Friday , 26 April 2024

After ‘year of patience’ Iran suspends some nuclear commitments

Al-Monitot – During a televised address at a cabinet meeting, President Hassan Rouhani announced today that Iran will suspend two commitments it had voluntarily pledged under the Joint Comprehensive Plan of Action (JCPOA). The decision was made on the anniversary of the US administration’s pullout from the deal, which saw multiple economic sanctions reimposed on the Islamic Republic. 

With the new measures implemented, Iran will no longer adhere to arrangements related to its stock of low-enriched uranium, for which it had observed a 300-kilogram limit and exported overages. The same applies to Iran’s stockpile of heavy water, which was previously sent to Oman for storage whenever it went above 130 tons.

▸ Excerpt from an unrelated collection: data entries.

Lemma a_minus_gt_1 : 1 < a_minus.
Proof.
  pose proof U_crit_gt_c. unfold a_minus.
  assert (Hs : sqrt ((c - 1) ^ 2 + 4 * U_crit) ^ 2 = (c - 1) ^ 2 + 4 * U_crit)
    by (rewrite <- Rsqr_pow2; apply Rsqr_sqrt; nra).
  pose proof (sqrt_pos ((c - 1) ^ 2 + 4 * U_crit)).
  set (s := sqrt ((c - 1) ^ 2 + 4 * U_crit)) in *. nra.
Qed.

Lemma beta_minus_pos : 0 < beta_minus.
Proof. unfold beta_minus. rewrite <- ln_1. apply ln_increasing; [lra | apply a_minus_gt_1]. Qed.

Lemma u_increasing (a1 a2 : R) : 0 < a1 -> a1 <= a2 -> u c a1 <= u c a2.
Proof. intros. unfold u. nra. Qed.

Lemma u_strictly_increasing (a1 a2 : R) : 0 < a1 -> a1 < a2 -> u c a1 < u c a2.
Proof. intros. unfold u. nra. Qed.

Lemma below_threshold (beta : R) : 0 <= beta -> beta <= beta_minus ->
  (k - 1) ^ 2 * u c (exp beta) <= (k + 1) ^ 2 * c.
Proof.
  intros H0 H1. pose proof a_minus_gt_1; pose proof (exp_ineq1_le beta).
  assert (exp beta <= a_minus).
  { rewrite <- (exp_ln a_minus) by lra.
    destruct H1 as [H1 | ->]; [left; apply exp_increasing; auto | right; auto]. }
  assert (Hu : u c (exp beta) <= U_crit)
    by (rewrite <- u_a_minus; apply u_increasing; lra).
  rewrite <- scaled_U_crit. apply Rmult_le_compat_l; [nra | exact Hu].
Qed.

Lemma M_pos_of_u_ge (a : R) : U_crit <= u c a -> 0 < M c k a.
Proof.
  intro Hu. apply (Rmult_le_compat_l ((k - 1) ^ 2)) in Hu; [|nra].
  rewrite scaled_U_crit in Hu. pose proof U_crit_gt_c.
  unfold M. apply Rmult_lt_reg_l with (k - 1); [lra|]. nra.
Qed.

Lemma above_threshold (beta : R) : beta_minus < beta ->
  0 < D c k (exp beta) /\ 0 < M c k (exp beta).
Proof.
  intro Hb. pose proof a_minus_gt_1; pose proof U_crit_gt_c.
  assert (exp beta > a_minus)
    by (rewrite <- (exp_ln a_minus) by lra; apply exp_increasing; auto).
  assert (Hu : U_crit < u c (exp beta))
    by (rewrite <- u_a_minus; apply u_strictly_increasing; lra).
  split; [|apply M_pos_of_u_ge; lra].
  rewrite D_factor. apply Rmult_lt_0_compat; [|lra].
  apply (Rmult_lt_compat_l ((k - 1) ^ 2)) in Hu; [|nra].
  rewrite scaled_U_crit in Hu. lra.
Qed.

Lemma at_threshold : D c k (exp beta_minus) = 0 /\ 0 < M c k (exp beta_minus).
Proof.
  pose proof a_minus_gt_1. unfold beta_minus. rewrite exp_ln by lra.
  split; [|apply M_pos_of_u_ge; rewrite u_a_minus; lra].
  rewrite D_factor, u_a_minus, scaled_U_crit. ring.
Qed.

Lemma large_beta (beta : R) : beta_minus < beta ->
  critical_value c k 1 beta < critical_value c k (-1) beta /\
  forall B,
    ((B < critical_value c k 1 beta \/ critical_value c k (-1) beta < B) ->
       solutions 1 (phi c k beta) B) /\
    ((B = critical_value c k 1 beta \/ B = critical_value c k (-1) beta) ->
       solutions 2 (phi c k beta) B) /\
    (critical_value c k 1 beta < B < critical_value c k (-1) beta ->
       solutions 3 (phi c k beta) B).
Proof.
  intro Hb. pose proof beta_minus_pos. destruct (above_threshold beta Hb) as [HD HM].
  pose proof (exp_pos beta).
  rewrite !critical_value_eq by (apply tcrit_pos; auto; lra).
  assert (Hregimes := three_regimes c k c_ge_1 ltac:(lra) beta ltac:(lra) HD HM).
  split; [apply (Hregimes 0) | intro B; apply (Hregimes B)].
Qed.

Lemma critical_value_smooth (s : R) : -1 <= s ->
  smooth_on_right_of beta_minus (critical_value c k s).
Proof.
  intro Hs. apply eval_smooth. intros beta Hb.
  destruct (above_threshold beta Hb) as [HD HM].
  apply critical_value_admissible; auto. apply tcrit_pos; auto. apply exp_pos.
Qed.

Lemma critical_value_continuous_at_threshold (s : R) : -1 <= s ->
  continuity_pt (critical_value c k s) beta_minus.
Proof.
  intro Hs. destruct at_threshold as [HD HM]. apply eval_continuous.
  apply critical_value_admissible; [exact c_ge_1 | rewrite HD; lra |].
  apply tcrit_pos; auto. apply exp_pos.
Qed.

(* At beta_- the two critical points merge, and so do B_- and B_+. *)
Lemma critical_values_meet :
  critical_value c k 1 beta_minus = critical_value c k (-1) beta_minus.
Proof.
  destruct at_threshold as [HD HM].
  assert (Ht : tcrit c k 1 (exp beta_minus) = tcrit c k (-1) (exp beta_minus))
    by (unfold tcrit, Rdiv; rewrite HD, sqrt_0; ring).
  rewrite !critical_value_eq by (apply tcrit_pos; auto; [apply exp_pos | lra]).
  rewrite Ht. reflexivity.
Qed.

End Threshold.

Lemma fixed_points_of_solutions (n q d : nat) (beta B : R) :
  solutions n (phi (INR q - 1) (INR d - 1) beta) B ->
  exactly_n_fixed_points n (fmap q d beta B).
Proof.
  assert (Hphi : forall r, phi (INR q - 1) (INR d - 1) beta r = r - (fmap q d beta B r - B)).
  { intro r. unfold phi, fmap.
    replace (exp (beta + r) + (INR q - 1)) with (exp (beta + r) + INR q - 1) by ring.
    replace (exp r + exp beta + (INR q - 1) - 1) with (exp r + exp beta + INR q - 2) by ring.
    ring. }
  intros [l [Hl [Hlen Hin]]]. exists l. repeat split; auto.
  - intro Hr. apply Hin in Hr. rewrite Hphi in Hr. lra.
  - intro Hr. apply Hin. rewrite Hphi. lra.
Qed.

Lemma right_limit_of_continuous (g : R -> R) (b : R) :
  continuity_pt g b -> limit1_in g (fun x => b < x) (g b) b.
Proof.
  intros H eps Heps. destruct (H eps Heps) as [alp [Halp Hx]].
  exists alp. split; auto. intros x [Hbx Hdist]. apply Hx.
  split; [split; [exact I | lra] | exact Hdist].
Qed.

Theorem mainTheorem18 :
  forall q d : nat, (2 <= q)%nat -> (2 <= d)%nat ->
  exists bm : option R,
    ((d = 2)%nat -> bm = None) /\
    ((2 < d)%nat -> bm <> None) /\
    (* for 0 <= beta <= beta_-, exactly one fixed point for every B *)
    (forall beta, 0 <= beta ->
       (bm = None \/ exists b, bm = Some b /\ beta <= b) ->
       forall B, exactly_n_fixed_points 1 (fmap q d beta B)) /\
    (forall b, bm = Some b ->
       0 < b /\
       exists Bm Bp : R -> R,
         (forall beta, b < beta -> Bm beta < Bp beta) /\
         smooth_on_right_of b Bm /\ smooth_on_right_of b Bp /\
         (forall beta B, b < beta ->
            ((B < Bm beta \/ Bp beta < B) ->
               exactly_n_fixed_points 1 (fmap q d beta B)) /\
            ((B = Bm beta \/ B = Bp beta) ->
               exactly_n_fixed_points 2 (fmap q d beta B)) /\
            ((Bm beta < B < Bp beta) ->
               exactly_n_fixed_points 3 (fmap q d beta B))) /\
         (* continuous extension to beta_- with B_-(beta_-) = B_+(beta_-) *)
         exists Bc : R,
           limit1_in Bm (fun x => b < x) Bc b /\
           limit1_in Bp (fun x => b < x) Bc b).
Proof.
  intros q d Hq Hd.
  assert (Hc : 1 <= INR q - 1) by (apply le_INR in Hq; simpl in Hq; lra).
  destruct (Nat.eq_dec d 2) as [-> | Hd2].
  - (* d = 2, i.e. k = 1: D <= 0 for every beta >= 0 *)
    exists None. split; [reflexivity|]. split; [lia|]. split; [|discriminate].
    intros beta Hb _ B. apply fixed_points_of_solutions, unique_solution; auto;
      simpl; nra.
  - assert (Hk : 1 < INR d - 1).
    { assert (H3 : (2 < d)%nat) by lia. apply lt_INR in H3. simpl in H3. lra. }
    exists (Some (beta_minus (INR q - 1) (INR d - 1))).
    split; [lia|]. split; [discriminate|]. split.
    + intros beta Hb [Hnone | [b [Hb' Hle]]]; [discriminate|]. injection Hb' as <-.
      intro B. apply fixed_points_of_solutions, unique_solution; auto; [lra|].
      apply below_threshold; auto.
    + intros b Hb. injection Hb as <-. split; [apply beta_minus_pos; auto|].
      exists (critical_value (INR q - 1) (INR d - 1) 1),
             (critical_value (INR q - 1) (INR d - 1) (-1)).
      split; [|split; [|split; [|split]]].
      * intros beta Hb. apply large_beta; auto.
      * apply critical_value_smooth; auto; lra.
      * apply critical_value_smooth; auto; lra.
      * intros beta B Hb.
        destruct (large_beta _ _ Hc Hk beta Hb) as [_ Hcount].
        destruct (Hcount B) as (H1 & H2 & H3).
        split; [|split]; intro HB; apply fixed_points_of_solutions; auto.
      * exists (critical_value (INR q - 1) (INR d - 1) 1 (beta_minus (INR q - 1) (INR d - 1))).
        split; [|rewrite critical_values_meet by auto];
          apply right_limit_of_continuous, critical_value_continuous_at_threshold; auto; lra.
Qed.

Rouhani’s announcement, ratified by Iran’s Supreme National Security Council, gives the European signatories to the nuclear deal a 60-day ultimatum to take practical steps toward easing reinstated US sanctions, particularly in the banking and oil sectors. More Iranian measures have already been outlined if Europe continues to fail to provide it the economic dividends promised by the accord, including the resumption of uranium enrichment above the current level of 3.67% and domestic development of the Arak heavy water reactor, whose calandria was destroyed as part of the JCPOA.

The chief Iranian diplomat posted the tweet while in Moscow as part of a broad diplomatic mission to confer on a series of issues from cooperation with Russia in the region to the future of the JCPOA. He seemed to have won the anticipated support from a key partner. “Russia expects the … European signatories to fulfill their obligations under the pact,” Russian Foreign Minister Sergey Lavrov told reporters in Moscow. He echoed Zarif’s earlier tweet, noting, “The situation around the nuclear deal was making it hard for Tehran to fulfill its obligations.” Zarif and Lavrov appeared to refer to the US administration’s revocation of sanctions waivers for nuclear cooperation with Iran that would have forced the Islamic Republic to halt enrichment and heavy water production or find itself in breach of the respective limits.

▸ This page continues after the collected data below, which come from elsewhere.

Lemma ple_sub_add {a r} : 0 + 0%:M <= r -> a - r <= a /\ a <= a + r.
Proof. transfer HM; lia. Qed.

Lemma ple_add_nat n x : x <= x + n%:M.
Proof. transfer HM; lia. Qed.

Lemma ple_sub_add_nat {n a r} : 0 + n%:M <= r -> a - r + n%:M <= a.
Proof. transfer HM; lia. Qed.

Lemma ple_add_nat_add {n a r} : 0 + n%:M <= r -> a + n%:M <= a + r.
Proof. transfer HM; lia. Qed.

Lemma nat_ple_opp {n a} : a + n%:M <= 0 -> 0 + n%:M <= - a.
Proof. transfer HM; lia. Qed.

Lemma ple_of_margin_below {l a r x} : l + 1 *: r <= a -> a - r <= x -> l <= x.
Proof. transfer HM; lia. Qed.

Lemma ple_of_margin_above {h a r x} : a + 1 *: r <= h -> x <= a + r -> x <= h.
Proof. transfer HM; lia. Qed.

Lemma lin_fun_diff {s k c g x a u l} :
  k *: (u - g) = s *~ (x - c%:M) -> k *: (l - g) = s *~ (a - c%:M) ->
  k *: (u - l) = s *~ (x - a).
Proof. transfer HM; lia. Qed.

Lemma nmul_lipschitz {s k} (Hk : (0 < k)%nat) {x a u l r} :
  k *: (u - l) = s *~ (x - a) -> a - r <= x -> x <= a + r ->
  l - (Z.abs_nat s) *: r <= u /\ u <= l + (Z.abs_nat s) *: r.
Proof.
  transfer HM; rewrite Zabs2Nat.id_abs; intros.
  eapply Z_lipschitz; eauto; lia.
Qed.

Lemma ple_of_lin_margin_below {m u l b r t} :
  u <= l + m *: r -> l + (S m) *: r <= b -> b - r <= t -> u <= t.
Proof. transfer HM; lia. Qed.

Lemma ple_of_lin_margin_above {m u h b r t} :
  h - m *: r <= u -> b + (S m) *: r <= h -> t <= b + r -> t <= u.
Proof. transfer HM; lia. Qed.

Lemma dcl_mono (A B : car M -> Prop) x : (forall p, A p -> B p) -> dcl A x -> dcl B x.
Proof. intros HAB [phi [Hphi Hx]]; exists phi; eauto using fparams_in_mono. Qed.

Lemma dcl_trans (A : car M -> Prop) g x : dcl A g ->
  (exists psi, fparams_in A psi /\
     forall y, sat M (fun p => p) (upd M (fun _ => y) 0%nat g) psi <-> y = x) ->
  dcl A x.
Proof.
  intros [phi [Hphi Hg]] [psi [Hpsi Hx]].
  exists (FEx 0 (FAnd (fcollapse [] phi) psi)); split.
  - cbn; split; [apply fparams_in_fcollapse|]; assumption.
  - intro y; unfold sat1; cbn [sat].
    assert (Hz : forall z,
      sat M (fun p => p) (upd M (fun _ => y) 0%nat z) (fcollapse [] phi) <-> z = g).
    { intro z; rewrite (@sat_fcollapse M _ (fun p => p) phi [] (fun _ => z)); [apply Hg|].
      split; [intros n []|reflexivity]. }
    split.
    + intros [z [Hphiz Hpsiz]]; apply Hz in Hphiz; subst z; apply Hx; exact Hpsiz.
    + intros Hy; exists g; split; [apply Hz | apply Hx]; trivial.
Qed.

Lemma dcl_zero (A : car M -> Prop) : dcl A 0.
Proof. exists (FEq (TVar _ 0) TZero); split; [cbn; tauto | reflexivity]. Qed.

Lemma dcl_add_nat {A : car M -> Prop} {u n} : dcl A u -> dcl A (u + n%:M).
Proof.
  intros Hu; apply (dcl_trans Hu).
  exists (FEq (TVar _ 1) (TAdd (TVar _ 0) (tnmul n TOne))); split.
  - cbn; intuition (auto using tparams_in_nat).
  - intro y; teval_simpl; reflexivity.
Qed.

Lemma dcl_of_add_nat {A : car M -> Prop} {u n} : dcl A (u + n%:M) -> dcl A u.
Proof.
  intros Hu; apply (dcl_trans Hu).
  exists (FEq (TAdd (TVar _ 1) (tnmul n TOne)) (TVar _ 0)); split.
  - cbn; intuition (auto using tparams_in_nat).
  - intro y; teval_simpl; split; [apply padd_cancel | intros ->; reflexivity].
Qed.

Lemma dcl_lin_fun {A D : car M -> Prop} {F : car M -> car M} {x} :
  lin_fun A D F -> D x -> dcl (fun y => A y \/ y = x) (F x).
Proof.
  intros (s & k & c & g & Hk & _ & Hg & HF) Hx.
  apply (dcl_trans (dcl_mono _ (fun p Hp => or_introl Hp) Hg)).
  exists (FEq (tnmul k (TAdd (TVar _ 1) (TOpp (TVar _ 0))))
              (tzmul s (TAdd (TPar x) (TOpp (tnmul c TOne))))); split.
  - split; [apply tparams_in_tnmul | apply tparams_in_tzmul]; cbn; auto using tparams_in_nat.
  - intro y; teval_simpl. destruct (HF x Hx) as [_ Ex].
    split; [|intros ->; exact Ex].
    intros Ey; apply (@nmul_sub_inj k Hk (F x) y g); rewrite Ex; exact Ey.
Qed.

Definition nonstd_gap u v : Prop := forall n, u + n%:M <= v.

Definition nonstd r : Prop := nonstd_gap 0 r.

Lemma standard_gap u v : u <= v -> ~ nonstd_gap u v -> exists n, v = u + n%:M.
Proof.
  intros Huv Hgap; apply NNPP; intros Hne; apply Hgap; intro n.
  induction n as [|n IH]; [exact (ple_add_nat0 Huv)|].
  apply ple_add_nat_succ; [exact IH|]. intros E; apply Hne; exists n; exact E.
Qed.

Lemma nonstd_gap_dcl_l (A : car M -> Prop) u v :
  dcl A u -> ~ dcl A v -> u <= v -> nonstd_gap u v.
Proof.
  intros Hu Hv Huv; apply NNPP; intros Hgap.
  destruct (standard_gap Huv Hgap) as [n ->]; exact (Hv (dcl_add_nat Hu)).
Qed.

Lemma nonstd_gap_dcl_r (A : car M -> Prop) u v :
  ~ dcl A u -> dcl A v -> u <= v -> nonstd_gap u v.
Proof.
  intros Hu Hv Huv; apply NNPP; intros Hgap.
  destruct (standard_gap Huv Hgap) as [n ->]; exact (Hu (dcl_of_add_nat Hv)).
Qed.

Lemma exists_nonstd (A : car M -> Prop) a : ~ dcl A a -> exists r, nonstd r.
Proof.
  intros Ha; destruct (ple_total 0 a) as [H|H].
  - exists a; exact (nonstd_gap_dcl_l (dcl_zero A) Ha H).
  - exists (- a); intro n; apply nat_ple_opp; exact (nonstd_gap_dcl_r Ha (dcl_zero A) H n).
Qed.

Lemma nonstd_floor_div m (Hm : (0 < m)%nat) u v :
  nonstd_gap u v -> exists q, nonstd q /\ u + m *: q <= v.
Proof.
  intros Hgap; destruct (floor_div Hm u v) as [q [Hq Hvq]].
  exists q; split; [intro n; exact (floor_div_ge n Hm Hvq (Hgap (m * n)%nat))|exact Hq].
Qed.

(* The filter of properties of all sufficiently small nonstandard positive elements. *)
Definition small_enough (Q : car M -> Prop) : Prop :=
  forall r0, nonstd r0 ->
  exists r, nonstd r /\ r <= r0 /\ forall r', nonstd r' -> r' <= r -> Q r'.

Lemma small_enough_all (Q : car M -> Prop) : (forall r, Q r) -> small_enough Q.
Proof. intros HQ r0 Hr0; exists r0; repeat split; auto. right; reflexivity. Qed.

Lemma small_enough_mono (Q Q' : car M -> Prop) :
  (forall r, nonstd r -> Q r -> Q' r) -> small_enough Q -> small_enough Q'.
Proof.
  intros HQQ' HQ r0 Hr0; destruct (HQ r0 Hr0) as (r & Hr & Hrr0 & Hsmall).
  exists r; repeat split; auto.
Qed.

Lemma small_enough_and (Q1 Q2 : car M -> Prop) :
  small_enough Q1 -> small_enough Q2 -> small_enough (fun r => Q1 r /\ Q2 r).
Proof.
  intros HQ1 HQ2 r0 Hr0.
  destruct (HQ1 r0 Hr0) as (r1 & Hr1 & Hr10 & H1).
  destruct (HQ2 r1 Hr1) as (r2 & Hr2 & Hr21 & H2).
  exists r2; repeat split; eauto using ple_trans.
Qed.

Lemma small_enough_margin m (Hm : (0 < m)%nat) u v :
  nonstd_gap u v -> small_enough (fun r => u + m *: r <= v).
Proof.
  intros Hgap r0 Hr0; destruct (nonstd_floor_div Hm Hgap) as (q & Hq & Huq).
  destruct (ple_total q r0) as [Hqr0|Hr0q].
  - exists q; repeat split; auto. intros r' _ Hr'; exact (nmul_ple_mono Huq Hr').
  - exists r0; repeat split; auto; [right; reflexivity|].
    intros r' _ Hr'; exact (nmul_ple_mono Huq (ple_trans Hr' Hr0q)).
Qed.

Lemma small_enough_witness (Q : car M -> Prop) :
  small_enough Q -> (exists r0, nonstd r0) -> exists r, nonstd r /\ Q r.
Proof.
  intros HQ [r0 Hr0]; destruct (HQ r0 Hr0) as (r & Hr & _ & Hsmall).
  exists r; split; [|apply Hsmall; [|right; reflexivity]]; exact Hr.
Qed.

Lemma small_enough_lbok (A : car M -> Prop) lo a :
  (forall l, lo = Some l -> dcl A l) -> ~ dcl A a -> lbok lo a ->
  small_enough (fun r => forall x, a - r <= x -> lbok lo x).
Proof.
  destruct lo as [l|]; intros Hl Ha Hla; [|apply small_enough_all; constructor].
  apply (small_enough_mono (Q := fun r => l + 1 *: r <= a)).
  - intros r _ Hr x Hx; exact (ple_of_margin_below Hr Hx).
  - exact (small_enough_margin (Nat.lt_0_1) (nonstd_gap_dcl_l (Hl l eq_refl) Ha Hla)).
Qed.

Lemma small_enough_ubok (A : car M -> Prop) hi a :
  (forall h, hi = Some h -> dcl A h) -> ~ dcl A a -> ubok hi a ->
  small_enough (fun r => forall x, x <= a + r -> ubok hi x).
Proof.
  destruct hi as [h|]; intros Hh Ha Hah; [|apply small_enough_all; constructor].
  apply (small_enough_mono (Q := fun r => a + 1 *: r <= h)).
  - intros r _ Hr x Hx; exact (ple_of_margin_above Hr Hx).
  - exact (small_enough_margin (Nat.lt_0_1) (nonstd_gap_dcl_r Ha (Hh h eq_refl) Hah)).
Qed.

Lemma small_enough_lbfok (A D : car M -> Prop) lo a b :
  (forall F, lo = Some F -> lin_fun A D F) -> D a ->
  ~ dcl (fun y => A y \/ y = a) b -> lbfok lo a b ->
  small_enough (fun r => forall x t,
    D x -> a - r <= x -> x <= a + r -> b - r <= t -> lbfok lo x t).
Proof.
  destruct lo as [F|]; intros HF Ha Hb Hab; [|apply small_enough_all; constructor].
  destruct (HF F eq_refl) as (s & k & c & g & Hk & _ & _ & HFD).
  pose proof (nonstd_gap_dcl_l (dcl_lin_fun (HF F eq_refl) Ha) Hb Hab) as Hgap.
  apply (small_enough_mono (Q := fun r => F a + (S (Z.abs_nat s)) *: r <= b)).
  - intros r _ Hr x t Hx Hx1 Hx2 Ht.
    destruct (HFD x Hx) as [_ Ex], (HFD a Ha) as [_ Ea].
    destruct (nmul_lipschitz Hk (lin_fun_diff Ex Ea) Hx1 Hx2) as [_ Hclose].
    exact (ple_of_lin_margin_below Hclose Hr Ht).
  - exact (small_enough_margin (Nat.lt_0_succ _) Hgap).
Qed.

Lemma small_enough_ubfok (A D : car M -> Prop) hi a b :
  (forall F, hi = Some F -> lin_fun A D F) -> D a ->
  ~ dcl (fun y => A y \/ y = a) b -> ubfok hi a b ->
  small_enough (fun r => forall x t,
    D x -> a - r <= x -> x <= a + r -> t <= b + r -> ubfok hi x t).
Proof.
  destruct hi as [F|]; intros HF Ha Hb Hab; [|apply small_enough_all; constructor].
  destruct (HF F eq_refl) as (s & k & c & g & Hk & _ & _ & HFD).
  pose proof (nonstd_gap_dcl_r Hb (dcl_lin_fun (HF F eq_refl) Ha) Hab) as Hgap.
  apply (small_enough_mono (Q := fun r => b + (S (Z.abs_nat s)) *: r <= F a)).
  - intros r _ Hr x t Hx Hx1 Hx2 Ht.
    destruct (HFD x Hx) as [_ Ex], (HFD a Ha) as [_ Ea].
    destruct (nmul_lipschitz Hk (lin_fun_diff Ex Ea) Hx1 Hx2) as [Hclose _].
    exact (ple_of_lin_margin_above Hclose Hr Ht).
  - exact (small_enough_margin (Nat.lt_0_succ _) Hgap).
Qed.

Definition cinterval p r N c : car M -> Prop :=
  fun x => lbok (Some (p - r)) x /\ ubok (Some (p + r)) x /\ pcong M N x c%:M.

Lemma infinite_below p r : nonstd r -> infinite (fun x => p - r <= x /\ x <= p).
Proof.
  intros Hr; apply (infinite_of_seq (fun i => p - r + i%:M)).
  - intro i; split; [apply ple_add_nat | exact (ple_sub_add_nat (Hr i))].
  - intros i j Hij; exact (padd_nat_inj Hij _).
Qed.

Lemma infinite_above p r : nonstd r -> infinite (fun x => p <= x /\ x <= p + r).
Proof.
  intros Hr; apply (infinite_of_seq (fun i => p + i%:M)).
  - intro i; split; [apply ple_add_nat | exact (ple_add_nat_add (Hr i))].
  - intros i j Hij; exact (padd_nat_inj Hij _).
Qed.

Lemma box_factor_cinterval p r N c :
  (0 < N)%nat -> (c < N)%nat -> pcong M N p c%:M -> nonstd r ->
  box_factor (cinterval p r N c) p.
Proof.
  intros HN Hc Hp Hr; destruct (@ple_sub_add p r (Hr 0%nat)) as [Hlo Hhi].
  exists (Some (p - r)), (Some (p + r)), N, c.
  split; [exact HN|]; split; [exact Hc|]; split; [intro; reflexivity|].
  split; [repeat split; assumption|].
  split; intros e [= <-]; [exact (infinite_below Hr) | exact (infinite_above Hr)].
Qed.

End PresburgerModel.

Across the political spectrum in Iran, both Reformists and conservatives hailed the government’s decision. “It was a belated step,” read an editorial by hard-line Mashregh News Agency, “but one in the right direction as it will curb the US pressure and will activate Europeans’ will to resolve banking issues.”

Still, some hard-liners argued that the decision was too late to be of any impact. Jahan Sanat, an economic paper that routinely publishes pieces against the Rouhani administration, called the JCPOA “one agreement with seven losers” as it printed a picture of a heart rate monitor in a surgical theater where the JCPOA was taking its last breaths.

Kayhan, known for its anti-Western editorial line, lamented “one year of loss” for Iran after it continued to stay in an already “dead agreement.” The paper once again put Rouhani under fire for emboldening the United States and Europe by “implementing the JCPOA at any price” and putting “unilateral trust” in Europe even after the deal was “shot by Washington at close range.”

The head of the Iranian parliament’s national security and foreign policy commission tweeted that the fresh Iran-US escalation will end in talks rather than in conflict. Later, Heshmatollah Falahatpisheh told reporters that lawmakers were reviewing 15 new plans in response to Washington’s role in a wide range of problems including “the creation of [the Islamic State], bioterrorism and impeding Red Cross aid deliveries to Iran.”

With US pressure reaching new highs, the Islamic Republic seems poised for fresh reciprocal strategies to “counter hostile moves.” But in his address announcing the JCPOA-related decision, Rouhani stressed that the move was just another sign that Tehran once again “chose diplomacy over war.”